Marcia: Was it worth it, though? Are Earl’s feet still all nasty?
Beverly: They’ve gotten better. Softer, less -
Frances: This day has been hard enough, I don’t need to hear about Earl’s feet.
Jane: Charlie called me “James” the last time I ever saw him. I don’t even know how that makes sense!
Frances: Have we reached the point in grief where we all talk about how we wish our last time with the deceased was better?
Marcia: Not all of us, DeAnna’s still gloating about how much more he loved her than all of us.
DeAnna: We all grieve differently.
Beverly: Speaking of grief, I think we all need the time today to just grieve and reflect on Charlie’s life. I’m going to send the crew home, no show today.
Marcia: Oh no! You can’t cancel the episode about breakfast…
DeAnna: I’m going to push ahead. There’s power in -
Marcia: No one cares, scurry back over there.
Beverly: You guys can go home also, or you can stay and we can reminisce. Your choice.

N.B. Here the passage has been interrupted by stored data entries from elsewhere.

(* The test is a ramp around x placed in a gap of the
   distances from x to the atoms of l and their images. *)
Lemma near_return (l : list (R * M)) (g : M -> M) (x : M) (eta eps : R) :
  is_metric d -> 0 < eta -> 0 <= eps ->
  (forall psi, two_valued l psi g -> psi x <> psi (g x) ->
     eta <= Rabs (jump_sum l psi g)) ->
  dual_le d z (fsub (comb l) (comb (push g l))) eps ->
  eta * d (g x) x <= (2 * INR (length l) + 1) * eps.
Proof.
  intros Hmet Heta Heps Hsep Hclose.
  assert (Hd0 := proj1 Hmet). assert (Hdxx : d x x = 0) by (apply Hmet; reflexivity).
  set (D := d (g x) x). set (k := 2 * INR (length l) + 1).
  assert (Hk : 1 <= k) by (unfold k; pose proof (pos_INR (length l)); lra).
  destruct (Req_dec D 0) as [HD|HD]; [rewrite HD; nra|].
  assert (HDpos : 0 < D) by (assert (H := Hd0 (g x) x); fold D in H; lra).
  set (w := D / k). assert (Hw : 0 < w) by (unfold w; apply Rdiv_lt_0_compat; lra).
  set (V := map (fun p => d (snd p) x) l ++ map (fun p => d (g (snd p)) x) l).
  destruct (gap_in_interval V 0 w Hw) as [c [[Hc0 Hc1] Hgap]].
  assert (HcD : c + w <= D).
  { replace (INR (length V)) with (k - 1) in Hc1
      by (unfold V, k; rewrite length_app, !length_map, plus_INR; ring).
    replace D with (k * w) by (unfold w; field; lra). nra. }
  set (psi := ramp x c w).
  assert (Hlevel : forall y, In (d y x) V -> psi y = 0 \/ psi y = 1).
  { intros y Hy. destruct (Hgap _ Hy);
      [right; apply ramp_one | left; apply ramp_zero]; assumption. }
  assert (Hadm : two_valued l psi g).
  { intros p Hp. split; apply Hlevel; apply in_or_app;
      [left | right]; apply in_map_iff; exists p; auto. }
  assert (Hmove : psi x <> psi (g x))
    by (unfold psi; rewrite ramp_one, ramp_zero by (fold D; lra); lra).
  assert (Hlow := Hsep psi Hadm Hmove).
  assert (Hup := Hclose _ _ (ramp_lip x c w Hmet Hw)).
  change (Rabs (jump_sum l (fun y => psi y - psi z) g) <= eps * / w) in Hup.
  rewrite jump_sum_shift in Hup.
  unfold w in Hup; rewrite Rinv_div in Hup.
  assert (Hmul : eta * D <= eps * (k / D) * D) by (apply Rmult_le_compat_r; lra).
  replace (eps * (k / D) * D) with (k * eps) in Hmul by (field; lra).
  exact Hmul.
Qed.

Frances: I’ll head home. I should tell my family about it, and I should also probably just get home before it really sets in and I break down. I really did care for him.
Beverly: We all did. We’re gonna miss him.
Later that day…
Louise: Ah! Frances! What are you doing home?
Frances: Louise! What are you doing in my home?
Jimmy: I’m here, too!
Frances: Of course you are. Why, though?
Lauren: I invited them over.
Frances: What are you doing in here? And are you not all supposed to be at work?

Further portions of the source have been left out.